Nano also doesn't seem to be offloading arbitrary computations to others.
Ethereum does allow arbitrary computations, but it is not offloading, it is requiring every node to rerun every computation, which is obviously much less efficient than a single centralized computer doing the computation.
Ok, this is similar to Gridcoin (https://gridcoin.io/) , Golem (https://cryptoslate.com/coins/golem/) , SPARC (https://sparc.network/) , et al. I could keep going, but the point is, something like this exists. And we are seeing the issues of what happens when you embed a program that takes advantage of processing power. You get things like Coinhive (https://coinhive.com/), which were meant to be benign, turned into botnets.
This was one of the first attempts to monetize spare CPU capacity and to build a business around massively distributed computing. It seems to be in a zombi mode now, but it was launched almost 10 years ago - https://web.archive.org/web/20080529034258/http://www.gomezp...
This will only work if you can cheaply validate the work performed.
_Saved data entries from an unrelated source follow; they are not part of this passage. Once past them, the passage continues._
(* Let $\mathcal{C}\subseteq\mathbb{R}^d$ be a closed convex set with $\mathbb{B}(r)\subseteq\mathcal{C}\subseteq\mathbb{B}(R)$, $0<r\le R$, let $\epsilon\in[0,1]$ and $\mathcal{C}_\epsilon:=(\sqrt{1-\epsilon}\,\mathcal{C}^\circ\oplus\sqrt{\epsilon}\,\mathbb{B}(r)^\circ)^\circ$. Define $\psi(\mathbf{w}):=\gamma_{\mathcal{C}_\epsilon}(\mathbf{w})^2$. Then for all $\mathbf{x},\mathbf{y}\in\mathbb{R}^d$, $$\psi\Big(\frac{\mathbf{x}+\mathbf{y}}{2}\Big)\le\frac{\psi(\mathbf{x})+\psi(\mathbf{y})}{2}-\frac{\epsilon}{4r^2}\|\mathbf{x}-\mathbf{y}\|^2.$$
   Context: $\mathbb{B}(\rho)$ is the closed Euclidean ball of radius $\rho$ at $0$. Support function $\sigma_{\mathcal{K}}(\mathbf{w})=\sup_{\mathbf{u}\in\mathcal{K}}\langle\mathbf{u},\mathbf{w}\rangle$; gauge function $\gamma_{\mathcal{K}}(\mathbf{w})=\inf\{\lambda>0:\mathbf{w}\in\lambda\mathcal{K}\}$; polar $\mathcal{K}^\circ=\{\mathbf{u}:\langle\mathbf{u},\mathbf{w}\rangle\le1\ \forall\mathbf{w}\in\mathcal{K}\}$ (so $\mathbb{B}(r)^\circ=\mathbb{B}(1/r)$). For closed convex sets $A,B$ containing $0$, $A\oplus B$ is the unique closed convex set with $\sigma_{A\oplus B}^2=\sigma_A^2+\sigma_B^2$. *)

From HB Require Import structures.
From mathcomp Require Import all_boot all_order all_algebra.
From mathcomp Require Import all_classical all_reals all_analysis.
Set Implicit Arguments. Unset Strict Implicit. Unset Printing Implicit Defensive.
Import Order.TTheory GRing.Theory Num.Theory.
Import numFieldNormedType.Exports.
Local Open Scope classical_set_scope.
Local Open Scope ring_scope.

Section Defs.
Variables (R : realType) (d : nat).
Implicit Types (u w : 'rV[R]_d) (K : set 'rV[R]_d).

Definition dotp u w : R := \sum_(i < d) u 0 i * w 0 i.

Definition sqnorm u : R := dotp u u.

Definition cball0 (rho : R) : set 'rV[R]_d := [set u | sqnorm u <= rho ^+ 2].

Definition convex K : Prop :=
  forall u w (t : R), K u -> K w -> 0 <= t <= 1 -> K (t *: u + (1 - t) *: w).

Definition scale_set (c : R) K : set 'rV[R]_d := [set c *: u | u in K].

(* support function sigma_K(w) = sup_{u in K} <u, w>
   (real-valued supremum; all sets to which it is applied below are bounded
   and nonempty, so it is the genuine supremum) *)
Definition support K w : R := sup [set dotp u w | u in K].

Definition gauge K w : R := inf [set l : R | 0 < l /\ scale_set l K w].

Definition polar K : set 'rV[R]_d := [set u | forall w, K w -> dotp u w <= 1].

(* A (+) B : the closed convex set with sigma_{A(+)B}^2 = sigma_A^2 + sigma_B^2,
   written out explicitly as the set whose support function is
   h = sqrt (sigma_A^2 + sigma_B^2) (h is sublinear, so this set is closed,
   convex and its support function is exactly h). *)
Definition oplus A B : set 'rV[R]_d :=
  [set u | forall w, dotp u w <= Num.sqrt (support A w ^+ 2 + support B w ^+ 2)].

End Defs.

(* With A := sqrt(1-eps) C° and B := sqrt(eps) B(r)°, the gauge of the polar of
   A (+) B is its support function sqrt(sigma_A^2 + sigma_B^2), so
   psi = sigma_A^2 + sigma_B^2.  Here sigma_B(w)^2 = (eps / r^2) ||w||^2 satisfies
   the parallelogram identity, which yields exactly the strong-convexity defect,
   while sigma_A is sublinear and nonnegative, so sigma_A^2 is midpoint convex. *)
From Pilot Require Import Defs.
From HB Require Import structures.
From mathcomp Require Import all_boot all_order all_algebra.
From mathcomp Require Import all_classical all_reals all_analysis.
From mathcomp Require Import ring lra.
Import Order.TTheory GRing.Theory Num.Theory.
Import numFieldNormedType.Exports.
Local Open Scope classical_set_scope.
Local Open Scope ring_scope.
Set Implicit Arguments. Unset Strict Implicit. Unset Printing Implicit Defensive.
Local Notation support := Pilot.Defs.support.

Section InnerProduct.
Variables (R : realType) (d : nat).
Implicit Types (u v w : 'rV[R]_d).

Lemma dotpC u w : dotp u w = dotp w u.
Proof. by apply: eq_bigr => i _; rewrite mulrC. Qed.

Lemma dotpDl u v w : dotp (u + v) w = dotp u w + dotp v w.
Proof. by rewrite /dotp -big_split; apply: eq_bigr => i _; rewrite mxE mulrDl. Qed.

Lemma dotpZl a u w : dotp (a *: u) w = a * dotp u w.
Proof. by rewrite /dotp mulr_sumr; apply: eq_bigr => i _; rewrite mxE mulrA. Qed.

Lemma dotp0l w : dotp 0 w = 0.
Proof. by rewrite -(scale0r 0) dotpZl mul0r. Qed.

Lemma dotpDr u v w : dotp w (u + v) = dotp w u + dotp w v.
Proof. by rewrite dotpC dotpDl !(dotpC w). Qed.

Lemma dotpZr a u w : dotp w (a *: u) = a * dotp w u.
Proof. by rewrite dotpC dotpZl dotpC. Qed.

Lemma sqnorm_ge0 w : 0 <= sqnorm w.
Proof. by apply: sumr_ge0 => i _; rewrite -expr2 sqr_ge0. Qed.

Lemma sqnormZ a w : sqnorm (a *: w) = a ^+ 2 * sqnorm w.
Proof. by rewrite /sqnorm dotpZl dotpZr mulrA expr2. Qed.

Lemma sqnormD2 a b u w : sqnorm (a *: u + b *: w) =
  a ^+ 2 * sqnorm u + 2 * a * b * dotp u w + b ^+ 2 * sqnorm w.
Proof. by rewrite /sqnorm !dotpDl !dotpDr !dotpZl !dotpZr (dotpC w u); ring. Qed.

Lemma dotp_le_sqnorm_avg u w : 2 * dotp u w <= sqnorm u + sqnorm w.
Proof.
have := sqnorm_ge0 (1 *: u + (-1) *: w); rewrite sqnormD2; lra.
Qed.

Lemma sqnorm_midpoint u w :
  sqnorm (2^-1 *: (u + w)) = (sqnorm u + sqnorm w) / 2 - sqnorm (u - w) / 4.
Proof.
have -> : u - w = 1 *: u + (-1) *: w by rewrite scale1r scaleN1r.
by rewrite scalerDr !sqnormD2; field.
Qed.

End InnerProduct.

Section SupportGauge.
Variables (R : realType) (d : nat).
Implicit Types (u v w : 'rV[R]_d) (K : set 'rV[R]_d).

(* Enough for [support K] to be the genuine, nonnegative supremum. *)
Definition has_support K := K 0 /\ forall w, exists M, forall u, K u -> dotp u w <= M.

Lemma has_support_sup K w : has_support K -> has_sup [set dotp u w | u in K].
Proof.
move=> [K0 Kb]; split; first by exists (dotp 0 w); exists 0.
by have [M HM] := Kb w; exists M => _ [u Ku <-]; exact: HM.
Qed.

Lemma support_ub K u w : has_support K -> K u -> dotp u w <= support K w.
Proof. by move=> sK Ku; apply: (sup_upper_bound (has_support_sup w sK)); exists u. Qed.

Lemma support_ge0 K w : has_support K -> 0 <= support K w.
Proof. by move=> sK; rewrite -(dotp0l w); apply: support_ub => //; case: sK. Qed.

Lemma support_le K w b : has_support K -> (forall u, K u -> dotp u w <= b) ->
  support K w <= b.
Proof.
move=> [K0 _] Hb; apply: ge_sup; first by exists (dotp 0 w); exists 0.
by move=> _ [u Ku <-]; exact: Hb.
Qed.

Lemma support_approx K w e : has_support K -> 0 < e ->
  exists2 u, K u & support K w - e < dotp u w.
Proof.
move=> sK e0; have [_ [u Ku <-] He] := sup_adherent e0 (has_support_sup w sK).
by exists u.
Qed.

Lemma support_midpoint K x y : has_support K ->
  support K (2^-1 *: (x + y)) <= (support K x + support K y) / 2.
Proof.
move=> sK; apply: support_le => // u Ku; rewrite dotpZr dotpDr.
by have := support_ub x sK Ku; have := support_ub y sK Ku; lra.
Qed.

Lemma support_sqr_midpoint K x y : has_support K ->
  support K (2^-1 *: (x + y)) ^+ 2 <= (support K x ^+ 2 + support K y ^+ 2) / 2.
Proof.
move=> sK; have := support_ge0 x sK; have := support_ge0 y sK => y0 x0.
apply: (@le_trans _ _ (((support K x + support K y) / 2) ^+ 2)).
  by rewrite lerXn2r ?nnegrE ?support_ge0 ?divr_ge0 ?addr_ge0 ?support_midpoint.
by have := sqr_ge0 (support K x - support K y); nra.
Qed.

(* Test the polar against the point (r / ||w||) w of the ball. *)
Lemma polar_dotp_le K r v w : 0 < r -> cball0 r `<=` K -> polar K v ->
  dotp v w <= Num.sqrt (sqnorm w) / r.
Proof.
move=> r0 sK Kv; have := sqnorm_ge0 w; rewrite le_eqVlt => /orP[/eqP w0|w0].
  rewrite -w0 sqrtr0 mul0r leNgt; apply/negP => vw0.
  have Kw : K (2 / dotp v w *: w).
    by apply: sK; rewrite /cball0 /= sqnormZ -w0 mulr0 exprn_ge0 // ltW.
  by have := Kv _ Kw; rewrite dotpZr divfK ?gt_eqF //; lra.
set n := Num.sqrt (sqnorm w); have n0 : 0 < n by rewrite sqrtr_gt0.
have : dotp v ((r / n) *: w) <= 1.
  apply: Kv (sK _ _); rewrite /cball0 /= sqnormZ expr_div_n sqr_sqrtr ?sqnorm_ge0 //.
  by rewrite divfK ?lt0r_neq0.
rewrite dotpZr => Hv.
have -> : dotp v w = n / r * (r / n * dotp v w) by field; rewrite !gt_eqF.
by rewrite -[leRHS]mulr1 ler_wpM2l // divr_ge0 // ltW.
Qed.

Lemma has_support_scale_polar K c r : 0 <= c -> 0 < r -> cball0 r `<=` K ->
  has_support (scale_set c (polar K)).
Proof.
move=> c0 r0 sK; split.
  by exists 0; [move=> w _; rewrite dotp0l ler01 | rewrite scaler0].
move=> w; exists (c * (Num.sqrt (sqnorm w) / r)) => _ [v Kv <-].
by rewrite dotpZl ler_wpM2l // (polar_dotp_le _ r0 sK).
Qed.

Lemma polar_cball0_normalized r w : 0 < r -> 0 < sqnorm w ->
  polar (cball0 r) ((r * Num.sqrt (sqnorm w))^-1 *: w).
Proof.
move=> r0 w0 z zr; set n := Num.sqrt (sqnorm w).
have n0 : 0 < n by rewrite sqrtr_gt0.
rewrite dotpZl ler_pdivrMl ?mulr_gt0 // mulr1.
have := dotp_le_sqnorm_avg ((r / n) *: w) z.
rewrite dotpZl sqnormZ expr_div_n sqr_sqrtr ?sqnorm_ge0 // divfK ?gt_eqF ?exprn_gt0 //.
move: zr; rewrite /cball0 /= => zr Hrz.
have Hr : r / n * dotp w z <= r ^+ 2 by lra.
have -> : dotp w z = n / r * (r / n * dotp w z) by field; rewrite !gt_eqF.
have -> : r * n = n / r * r ^+ 2 by field; rewrite gt_eqF.
by rewrite ler_wpM2l // divr_ge0 // ltW.
Qed.

Lemma support_scale_polar_cball0 r e w : 0 < r -> 0 <= e ->
  support (scale_set (Num.sqrt e) (polar (cball0 r))) w =
  Num.sqrt e * Num.sqrt (sqnorm w) / r.
Proof.
move=> r0 e0; have sB := has_support_scale_polar (sqrtr_ge0 e) r0 (@subset_refl _ (cball0 r)).
apply/eqP; rewrite eq_le; apply/andP; split.
  apply: support_le => // _ [v Bv <-]; rewrite dotpZl -mulrA ler_wpM2l ?sqrtr_ge0 //.
  exact: polar_dotp_le r0 (@subset_refl _ _) Bv.
have := sqnorm_ge0 w; rewrite le0r => /orP[/eqP w0|w0].
  by rewrite w0 sqrtr0 mulr0 mul0r support_ge0.
have Bv := polar_cball0_normalized r0 w0.
apply: le_trans (support_ub w sB (_ : _ (Num.sqrt e *: _))); last exact: (ex_intro2 _ _ _ Bv erefl).
set n := Num.sqrt (sqnorm w); have n0 : 0 < n by rewrite sqrtr_gt0.
have nn : n ^+ 2 = sqnorm w by rewrite sqr_sqrtr // ltW.
rewrite !dotpZl -/(sqnorm w) -/n.
have -> : (r * n)^-1 * sqnorm w = n / r by rewrite -nn; field; rewrite !gt_eqF.
by rewrite mulrA.
Qed.

Lemma gauge_polarE D w h : 0 <= h ->
  (forall u, D u -> dotp u w <= h) ->
  (forall e, 0 < e -> exists2 u, D u & h - e <= dotp u w) ->
  gauge (polar D) w = h.
Proof.
move=> h0 Hub Happrox.
set E := [set l : R | 0 < l /\ scale_set l (polar D) w].
have memE l : h < l -> E l.
  move=> hl; have l0 : 0 < l by apply: le_lt_trans hl.
  split => //; exists (l^-1 *: w); last by rewrite scalerA divff ?gt_eqF // scale1r.
  move=> u Du; rewrite dotpZl dotpC ler_pdivrMl // mulr1.
  exact: le_trans (Hub _ Du) (ltW hl).
have lbE l : E l -> h <= l.
  move=> [l0 [v Dv vw]]; apply/ler_addgt0Pr => e e0.
  have [u Du Hu] := Happrox e e0.
  have : dotp u w <= l.
    rewrite -vw dotpZr dotpC -[leRHS]mulr1.
    by apply: ler_wpM2l; [exact: ltW | exact: Dv].
  lra.
apply/eqP; rewrite eq_le; apply/andP; split.
  apply/ler_addgt0Pr => e e0; apply: ge_inf (memE _ _); last by rewrite ltrDl.
  by exists 0 => l [l0 _]; exact: ltW.
by apply: lb_le_inf; [exists (h + 1); apply: memE; rewrite ltrDl | exact: lbE].
Qed.

Lemma ler_sqrt_sumsq (a b : R) : 0 <= a -> a <= Num.sqrt (a ^+ 2 + b ^+ 2).
Proof.
move=> a0; apply: (@le_trans _ _ (Num.sqrt (a ^+ 2))).
  by rewrite sqrtr_sqr ger0_norm.
by rewrite ler_sqrt ?addr_ge0 ?sqr_ge0 // lerDl sqr_ge0.
Qed.

Lemma cauchy_schwarz2 (a b a' b' : R) : 0 <= a -> 0 <= b -> 0 <= a' -> 0 <= b' ->
  a * a' + b * b' <= Num.sqrt (a ^+ 2 + b ^+ 2) * Num.sqrt (a' ^+ 2 + b' ^+ 2).
Proof.
move=> a0 b0 a'0 b'0; rewrite -sqrtrM ?addr_ge0 ?sqr_ge0 //.
apply: (@le_trans _ _ (Num.sqrt ((a * a' + b * b') ^+ 2))).
  by rewrite sqrtr_sqr ger0_norm // addr_ge0 // mulr_ge0.
rewrite ler_sqrt ?mulr_ge0 ?addr_ge0 ?sqr_ge0 //.
by have := sqr_ge0 (a * b' - b * a'); nra.
Qed.

(* The approximating point is the normalized combination a u1 + b u2 of near
   maximizers, with weights (a, b) := (sigma_A w, sigma_B w); it lies in A (+) B
   by Cauchy-Schwarz in the plane. *)
Lemma oplus_approx A B w e : has_support A -> has_support B -> 0 < e ->
  exists2 u, oplus A B u &
    Num.sqrt (support A w ^+ 2 + support B w ^+ 2) - e <= dotp u w.
Proof.
move=> sA sB e0; set a := support A w; set b := support B w.
set h := Num.sqrt (a ^+ 2 + b ^+ 2).
have a0 : 0 <= a by apply: support_ge0.
have b0 : 0 <= b by apply: support_ge0.
have ah : a <= h by apply: ler_sqrt_sumsq.
have bh : b <= h by rewrite /h addrC; apply: ler_sqrt_sumsq.
have := sqrtr_ge0 (a ^+ 2 + b ^+ 2); rewrite -/h le_eqVlt => /orP[/eqP h0|h0].
  exists 0; first by move=> w'; rewrite dotp0l sqrtr_ge0.
  by rewrite dotp0l -h0; lra.
have e2 : 0 < e / 2 by rewrite divr_gt0.
have [u1 Au1 H1] := support_approx w sA e2.
have [u2 Bu2 H2] := support_approx w sB e2.
exists (h^-1 *: (a *: u1 + b *: u2)).
  move=> w'; rewrite dotpZl dotpDl !dotpZl mulrC ler_pdivrMr //.
  apply: le_trans (_ : a * support A w' + b * support B w' <= _).
    by apply: lerD; apply: ler_wpM2l => //; apply: support_ub.
  by rewrite [leRHS]mulrC; apply: cauchy_schwarz2 => //; apply: support_ge0.
rewrite dotpZl dotpDl !dotpZl mulrC ler_pdivlMr //.
have K1 : a * (a - e / 2) <= a * dotp u1 w by apply: ler_wpM2l => //; apply: ltW.
have K2 : b * (b - e / 2) <= b * dotp u2 w by apply: ler_wpM2l => //; apply: ltW.
have hh : h ^+ 2 = a ^+ 2 + b ^+ 2 by rewrite sqr_sqrtr // addr_ge0 ?sqr_ge0.
nra.
Qed.

Lemma sqr_gauge_polar_oplus A B w : has_support A -> has_support B ->
  gauge (polar (oplus A B)) w ^+ 2 = support A w ^+ 2 + support B w ^+ 2.
Proof.
move=> sA sB; rewrite (gauge_polarE (h := Num.sqrt (support A w ^+ 2 + support B w ^+ 2))).
- by rewrite sqr_sqrtr // addr_ge0 ?sqr_ge0.
- exact: sqrtr_ge0.
- by move=> u; apply.
- by move=> e e0; apply: oplus_approx.
Qed.

End SupportGauge.

Theorem mainTheorem3 (R : realType) (d : nat) (C : set 'rV[R]_d) (r Rad eps : R) :
  closed C -> convex C ->
  0 < r -> r <= Rad ->
  cball0 r `<=` C -> C `<=` cball0 Rad ->
  0 <= eps <= 1 ->
  let Ceps := polar (oplus (scale_set (Num.sqrt (1 - eps)) (polar C))
                           (scale_set (Num.sqrt eps) (polar (cball0 r)))) in
  let psi := fun w : 'rV[R]_d => gauge Ceps w ^+ 2 in
  forall x y : 'rV[R]_d,
    psi (2^-1 *: (x + y)) <=
      (psi x + psi y) / 2 - eps / (4 * r ^+ 2) * sqnorm (x - y).
Proof.
move=> _ _ r0 _ rC _ /andP[e0 _] Ceps psi x y.
pose A := scale_set (Num.sqrt (1 - eps)) (polar C).
pose B := scale_set (Num.sqrt eps) (polar (cball0 (d := d) r)).
have sA : has_support A by apply: has_support_scale_polar (sqrtr_ge0 _) r0 rC.
have sB : has_support B by apply: has_support_scale_polar (sqrtr_ge0 _) r0 (@subset_refl _ _).
set k := eps / r ^+ 2.
have psiE w : psi w = support A w ^+ 2 + k * sqnorm w.
  rewrite /psi sqr_gauge_polar_oplus // support_scale_polar_cball0 //.
  by rewrite expr_div_n exprMn !sqr_sqrtr ?sqnorm_ge0 // /k mulrAC.
have -> : eps / (4 * r ^+ 2) = k / 4 by rewrite /k; field; rewrite gt_eqF // exprn_gt0.
rewrite !psiE sqnorm_midpoint.
have := support_sqr_midpoint x y sA; lra.
Qed.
Or send it to several distinct visitors and compare results, driving down the likelyhood that the results are bogus.
good point. my hunch is that the only way would be to duplicate work and check for consensus. it seems like there isn't any way to cheaply validate results for any interesting work.
Something like this could be a way to get finally rid of advertisements, and help finance free services in a novel new way if the CPU isn't over committed. I thought the same around crypto mining... Many people might prefer the resource providing/computation option compared to ads.
> Unlike a regular computer cluster, the nodes are very ephemeral (as website visitors come and go) and can’t talk to each other (no cross site requests).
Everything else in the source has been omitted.